Last Friday I took (and passed) the test that allows me to legally drive a motorcycle in the state of Utah. But before I took the test, I stayed up all night long reading the DMV’s Motorcycle Operator Manual – and in the process realized that riding a bicycle has taught me a lot about how to handle and operate a motorcycle.
First of all, the equipment is all very familiar. Lights and reflectors on both the front and back of the bike are required for a motorcycle, while they are largely optional on bikes. However, the helmet and gloves that many bicyclists see as mandatory are optional in the state of Utah for adult motorcycle riders (although they are highly recommended).
Another interesting note from the Motorcycle Operators Manual is that your body and the clothes you wear while riding a motorcycle make up half of the visible surface area of you and your bike. The bike makes up the other half. This is something I’ve never heard for bicyclists, but I think it might be especially true for traveling cyclists who ride with panniers, as the pannier material is sizable enough that it could very well make up half (or more) of the surface area that cars see when they whiz past.
Another similarity is the recommendation that you use mirrors to see both behind and to the side of your bike.
Finally, the front brake on both a bicycle and a motorcycle provides most of the stopping power. However, when braking you should use both your front and rear brakes.
Very similar to bicycling, most motorcycle accidents happen within 5 miles of starting out and many of these accidents occur at intersections.
The most common reason for an accident is not collision with another motorized vehicle, but simply making too wide of a turn at too high of a speed. Most motorcycle/bicycle accidents occur when the rider is traveling at low speeds.
See, Search, Evaluate, Execute
When riding a bicycle or motorcycle, you need to be visible, communicate your intentions, maintain an adequate space cushion between you and the vehicles around you, scan the path ahead of you, identify and separate potential hazards, and be prepared to act. If you see a situation approaching that could be potentially dangerous, you should be prepared to react to a dangerous situation by covering both the brake and the clutch (or in the case of a bicyclist, be prepared by covering both brakes).
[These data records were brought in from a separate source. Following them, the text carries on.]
(* Let $L,J\ge0$ and let $Q_{\ell,j}(x)$, $0\le\ell\le L$, $0\le j\le J$, be polynomials with nonnegative coefficients; set $Q_\ell(x,u)=\sum_{j=0}^JQ_{\ell,j}(x)u^j$. For an integer $m\ge0$ let $G_m(x,u)=\sum_{k\ge0}G_{m;k}(x)u^k$ be the formal power series solution of \[ G_m(x,u)=u^m+x\sum_{\ell=0}^LQ_\ell(x,u)\,\Delta^\ell G_m(x,u). \] Then for all $k\ge0$, $G_{m;k}(x)=F^{[\ge0]}_{k,m}(x)$, i.e. $G_{m;k}(x)$ is the generating function of allowed lattice paths starting at level $k$ and ending at level $m$.
   Context: $\Delta^\ell G(x,u)=\sum_{k\ge0}G_{k+\ell}(x)u^k$ for $G=\sum_kG_k(x)u^k$, $\ell\ge1$, and $\Delta^0G=G$. Step model: for each level $h\ge0$, the multiset $\mathcal S_h$ contains, for every triple $(\ell,j,r)$ with $0\le\ell\le L$, $0\le j\le\min(h,J)$, $r\ge0$, $[x^r]Q_{\ell,j}(x)\ne0$, one labelled step of displacement $(1+r,\ell-j)$ and weight $[x^r]Q_{\ell,j}(x)$. An allowed path starting at level $k$ is a finite sequence of labelled steps starting at $(0,k)$ such that each step belongs to $\mathcal S_h$, $h$ being the level of its starting point; its weight $w(p)$ is the product of its step weights (empty path: weight 1). $F^{[\ge0]}_{k,m}(x)=\sum_{n\ge0}\sum_pw(p)x^n$, summed over allowed paths from $(0,k)$ to $(n,m)$. *)

From HB Require Import structures.
From mathcomp Require Import all_boot all_order all_algebra.
Set Implicit Arguments. Unset Strict Implicit. Unset Printing Implicit Defensive.
Import Order.TTheory GRing.Theory Num.Theory.
Local Open Scope ring_scope.

(* A bivariate formal power series in x and u over R is represented by its
   coefficient array: G k n = [u^k x^n] G. *)
Definition bser (R : Type) := nat -> nat -> R.

Definition Delta (R : Type) (l : nat) (G : bser R) : bser R :=
  fun k n => G (k + l)%N n.

Definition bmul (R : nzSemiRingType) (A B : bser R) : bser R :=
  fun k n => \sum_(i < k.+1) \sum_(a < n.+1) A i a * B (k - i)%N (n - a)%N.

Definition xmul (R : nzSemiRingType) (G : bser R) : bser R :=
  fun k n => if n is n'.+1 then G k n' else 0.

Definition umon (R : nzSemiRingType) (m : nat) : bser R :=
  fun k n => if (k == m) && (n == 0%N) then 1 else 0.

Definition Qser (R : nzSemiRingType) (J : nat) (Q : nat -> nat -> {poly R})
  (l : nat) : bser R :=
  fun j r => if (j <= J)%N then (Q l j)`_r else 0.

Definition is_solution (R : nzSemiRingType) (L J : nat)
  (Q : nat -> nat -> {poly R}) (m : nat) (G : bser R) : Prop :=
  forall k n, G k n =
    umon R m k n
    + xmul (fun k' n' => \sum_(l < L.+1) bmul (Qser J Q l) (Delta l G) k' n') k n.

(* A labelled step (l, j, r): displacement (1 + r, l - j), weight [x^r]Q_{l,j}. *)
Definition step := (nat * nat * nat)%type.

Fixpoint allowed (R : nzSemiRingType) (L J : nat) (Q : nat -> nat -> {poly R})
  (h : nat) (p : seq step) : bool :=
  match p with
  | [::] => true
  | (l, j, r) :: p' =>
      [&& (l <= L)%N, (j <= minn h J)%N, (Q l j)`_r != 0
        & allowed L J Q (h + l - j)%N p']
  end.

Fixpoint endlevel (h : nat) (p : seq step) : nat :=
  match p with
  | [::] => h
  | (l, j, r) :: p' => endlevel (h + l - j)%N p'
  end.

Definition xlen (p : seq step) : nat := sumn [seq (1 + s.2)%N | s <- p].

Definition pweight (R : nzSemiRingType) (Q : nat -> nat -> {poly R})
  (p : seq step) : R :=
  \prod_(s <- p) (Q s.1.1 s.1.2)`_s.2.

(* [x^n] F^{[>=0]}_{k,m}(x): sum of weights of allowed paths from (0,k) to
   (n,m).  Such a path has at most n steps, and each step (l,j,r) has
   l <= L, j <= J, r < n, so enumerating all tuples of length s <= n with
   entries in 'I_(L+1) * 'I_(J+1) * 'I_n lists every such path exactly once. *)
Definition Fcoef (R : nzSemiRingType) (L J : nat) (Q : nat -> nat -> {poly R})
  (k m n : nat) : R :=
  \sum_(s < n.+1) \sum_(t : s.-tuple ('I_L.+1 * 'I_J.+1 * 'I_n))
    let p := [seq ((val x.1.1, val x.1.2, val x.2) : step) | x <- t] in
    if allowed L J Q k p && (endlevel k p == m) && (xlen p == n)
    then pweight Q p else 0.

From HB Require Import structures.
From mathcomp Require Import all_boot all_order all_algebra.
From mathcomp Require Import zify.
Import Order.TTheory GRing.Theory Num.Theory.
Local Open Scope ring_scope.

(* Write the equation as G = u^m + T G with T G := x * sum_l Q_l Delta^l G.
   Since T raises the x-degree, the solution is unique and equals
   sum_s T^s u^m, the coefficient [x^n] involving only s <= n.  Splitting off
   the first step of a path shows that T^s u^m is the generating function of
   allowed paths with exactly s steps.  Nonnegativity of the coefficients is
   never used: the identity holds over any semiring. *)

Lemma big_tuple_cons {R : nzSemiRingType} {T : finType} {s : nat}
    (F : seq T -> R) :
  \sum_(t : s.+1.-tuple T) F t = \sum_(x : T) \sum_(t : s.-tuple T) F (x :: t).
Proof.
rewrite pair_big /=.
rewrite (reindex (fun p : T * s.-tuple T => [tuple of p.1 :: p.2])) //=.
exists (fun t : s.+1.-tuple T => (thead t, [tuple of behead t])).
  by move=> [x t] _ /=; congr (_, _); apply: val_inj.
by move=> t _; rewrite [RHS]tuple_eta.
Qed.

Lemma big_ord_shrink {R : nzSemiRingType} (F : nat -> R) {M N : nat} :
  (M <= N)%N ->
  (forall i, (M <= i < N)%N -> F i = 0) ->
  \sum_(i < N) F i = \sum_(i < M) F i.
Proof.
move=> leMN F0; rewrite (big_ord_widen N F leMN) [RHS]big_mkcond.
apply: eq_bigr => i _; case: ltnP => // leMi.
by rewrite F0 // leMi ltn_ord.
Qed.

Lemma big_prod3 {R : nzSemiRingType} {I1 I2 I3 : finType}
    (F : I1 -> I2 -> I3 -> R) :
  \sum_(x : I1 * I2 * I3) F x.1.1 x.1.2 x.2 = \sum_a \sum_b \sum_c F a b c.
Proof. by rewrite !pair_bigA. Qed.

Section PathSeries.
Context {R : nzSemiRingType} (L J : nat) (Q : nat -> nat -> {poly R}) (m : nat).

Definition step_op (G : bser R) : bser R :=
  xmul (fun k n => \sum_(l < L.+1) bmul (Qser J Q l) (Delta l G) k n).

Lemma is_solutionE G :
  is_solution L J Q m G <-> forall k n, G k n = umon R m k n + step_op G k n.
Proof. by []. Qed.

Lemma eq_step_op G1 G2 k n :
  (forall k' n', (n' < n)%N -> G1 k' n' = G2 k' n') ->
  step_op G1 k n = step_op G2 k n.
Proof.
case: n => [|n] // eqG; apply: eq_bigr => l _.
apply: eq_bigr => i _; apply: eq_bigr => a _.
by rewrite /Delta eqG // ltnS leq_subr.
Qed.

Lemma step_op_sum N (F : nat -> bser R) k n :
  step_op (fun k' n' => \sum_(i < N) F i k' n') k n
  = \sum_(i < N) step_op (F i) k n.
Proof.
rewrite /step_op /xmul; case: n => [|n]; first by rewrite big1.
rewrite [RHS]exchange_big; apply: eq_bigr => l _.
rewrite /bmul [RHS]exchange_big; apply: eq_bigr => i _.
by rewrite [RHS]exchange_big; apply: eq_bigr => a _; rewrite mulr_sumr.
Qed.

Lemma iter_step_op_small s k n : (n < s)%N -> iter s step_op (umon R m) k n = 0.
Proof.
elim: s k n => [|s IH] k [|n] //= ltns.
apply: big1 => l _; apply: big1 => i _; apply: big1 => a _.
by rewrite /Delta IH ?mulr0 //; lia.
Qed.

Definition path_series : bser R :=
  fun k n => \sum_(s < n.+1) iter s step_op (umon R m) k n.

Lemma path_seriesE N k n : (n < N)%N ->
  path_series k n = \sum_(s < N) iter s step_op (umon R m) k n.
Proof.
move=> ltnN.
rewrite [RHS](big_ord_shrink (fun s => iter s step_op _ k n) ltnN) // => s.
by case/andP=> lts _; rewrite iter_step_op_small.
Qed.

Lemma path_series_solution : is_solution L J Q m path_series.
Proof.
apply/is_solutionE => k [|n]; first by rewrite /path_series big_ord1 addr0.
rewrite [LHS]/path_series big_ord_recl; congr (_ + _).
transitivity
  (step_op (fun k' n' => \sum_(s < n.+1) iter s step_op (umon R m) k' n')
     k n.+1).
  by rewrite step_op_sum.
by apply: eq_step_op => k' n' ltn'n; rewrite (path_seriesE _ _ _ ltn'n).
Qed.

Lemma solution_unique G1 G2 :
  is_solution L J Q m G1 -> is_solution L J Q m G2 -> G1 =2 G2.
Proof.
move=> /is_solutionE sol1 /is_solutionE sol2 k n.
elim/ltn_ind: n k => n IH k; rewrite sol1 sol2; congr (_ + _).
by apply: eq_step_op => k' n' /IH.
Qed.

Lemma step_op_first_steps G B k n : (n <= B)%N ->
  \sum_(l < L.+1) \sum_(j < J.+1) \sum_(r < B)
     (if (j <= k)%N && (r < n)%N
      then Qser J Q l j r * G (k + l - j)%N (n - r.+1)%N else 0)
  = step_op G k n.
Proof.
(* Both sides sum over first steps (l, j, r) with j <= minn k J and r < n. *)
case: n => [|n] lenB.
  by rewrite big1 // => l _; rewrite big1 // => j _; rewrite big1 // => r _;
     rewrite andbF.
apply: eq_bigr => l _.
pose term j r := if (j <= k)%N && (r < n.+1)%N
  then Qser J Q l j r * G (k + l - j)%N (n.+1 - r.+1)%N else 0.
have shrink_r j : \sum_(r < B) term j r = \sum_(r < n.+1) term j r.
  rewrite (big_ord_shrink _ lenB) // => r /andP[ltnr _].
  by rewrite /term (leq_gtF ltnr) andbF.
rewrite -/term; under eq_bigr => j _ do rewrite shrink_r.
rewrite (big_ord_shrink (fun j => \sum_(r < n.+1) term j r)
  (geq_minr k J : minn k J < J.+1)%N); last first.
  move=> j /andP[ltj ltjJ] /=; apply: big1 => r _.
  by rewrite /term (_ : (j <= k)%N = false) //; lia.
rewrite /bmul /Delta (big_ord_shrink (fun i => \sum_(a < n.+1) Qser J Q l i a *
  G (k - i + l)%N (n - a)%N) (geq_minl k J : minn k J < k.+1)%N); last first.
  move=> i /andP[lti ltik] /=; apply: big1 => a _.
  by rewrite /Qser (_ : (i <= J)%N = false) ?mul0r //; lia.
apply: eq_bigr => j _; apply: eq_bigr => r _.
have lejk : (j <= k)%N by have := ltn_ord j; lia.
by rewrite /term lejk ltn_ord (_ : (k + l - j = k - j + l)%N) //; lia.
Qed.

Definition path_weight k n (p : seq step) : R :=
  if allowed L J Q k p && (endlevel k p == m) && (xlen p == n)
  then pweight Q p else 0.

Lemma path_weight_nil k n : path_weight k n [::] = umon R m k n.
Proof. by rewrite /path_weight /pweight big_nil /umon [(0 == n)%N]eq_sym. Qed.

Lemma path_weight_cons k n l j r p : (l <= L)%N ->
  path_weight k n ((l, j, r) :: p) =
  if (j <= k)%N && (r < n)%N
  then Qser J Q l j r * path_weight (k + l - j)%N (n - r.+1)%N p else 0.
Proof.
move=> leL; rewrite /path_weight /Qser /= leL leq_min.
case: eqVneq => [Qr0|_] /=.
  by rewrite Qr0 andbF; case: ifP => //; case: ifP; rewrite mul0r.
case: (j <= k)%N; case: (j <= J)%N; rewrite /= ?mul0r ?if_same //.
rewrite -[xlen _]/(r.+1 + xlen p)%N.
case: (ltnP r n) => [ltrn|lenr]; last first.
  have /negPf -> : (r.+1 + xlen p != n)%N by lia.
  by rewrite andbF.
have -> : (r.+1 + xlen p == n)%N = (xlen p == n - r.+1)%N.
  by apply/eqP/eqP; lia.
by rewrite /pweight big_cons; case: ifP; rewrite ?mulr0.
Qed.

Definition step_of {B} (x : 'I_L.+1 * 'I_J.+1 * 'I_B) : step :=
  (val x.1.1, val x.1.2, val x.2).

Lemma sum_path_weight_tuple B s k n : (n <= B)%N ->
  \sum_(t : s.-tuple ('I_L.+1 * 'I_J.+1 * 'I_B))
     path_weight k n [seq step_of x | x <- t]
  = iter s step_op (umon R m) k n.
Proof.
elim: s k n => [|s IH] k n lenB.
  rewrite (big_pred1 [tuple]) ?path_weight_nil // => t.
  by rewrite [t]tuple0; apply/esym/eqP.
rewrite (big_tuple_cons (fun t => path_weight k n [seq step_of x | x <- t])).
rewrite iterS -(step_op_first_steps _ _ _ _ lenB) -big_prod3.
apply: eq_bigr => x _ /=.
have leL : (x.1.1 <= L)%N := ltn_ord x.1.1.
rewrite (eq_bigr _ (fun t _ => path_weight_cons _ _ _ _ _ _ leL)).
case: ifP => [/andP[_ ltrn]|_]; last by rewrite big1.
by rewrite -mulr_sumr IH //; lia.
Qed.

Lemma Fcoef_path_series k n : Fcoef L J Q k m n = path_series k n.
Proof.
by apply: eq_bigr => s _; rewrite -(sum_path_weight_tuple _ _ _ _ (leqnn n)).
Qed.

End PathSeries.

Theorem lemma4 (R : realDomainType) (L J : nat) (Q : nat -> nat -> {poly R})
  (HQ : forall l j i, (l <= L)%N -> (j <= J)%N -> 0 <= (Q l j)`_i)
  (m : nat) :
  (exists G : bser R, is_solution L J Q m G) /\
  (forall G : bser R, is_solution L J Q m G ->
     forall k n, G k n = Fcoef L J Q k m n).
Proof.
have solF := path_series_solution L J Q m.
split; first by exists (path_series L J Q m).
by move=> G solG k n; rewrite Fcoef_path_series; apply: solution_unique.
Qed.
Be Brave And Take The Lane
Finally, when riding a bicycle or motorcycle, you can’t be afraid to take the lane. You should always ride in a position that keeps you safe from the vehicles around you. Beware of wind blasts from larger vehicles and if you are being followed too closely, pull over and let the vehicle(s) behind you pass. Additionally, get out of drivers’ blind spots as soon as you possibly can and watch for car doors opening quickly. Beware of items that could be thrown from the vehicles around you and never take eye contact from a driver as a sign that they will yield to you.
There are probably a lot more similarities between bicycling and riding a motorcycle, but these a few of the things that stood out to me while studying my permit test material. And if, after all of this, you still don’t believe that riding a bicycle can teach you a lot about operating a motorcycle, just look at this quote from the last line on the Utah Rider Education Course website:
We also recommend riding a bicycle as much as you can before the class. It’s a great way get reacquainted with two-wheeled vehicles.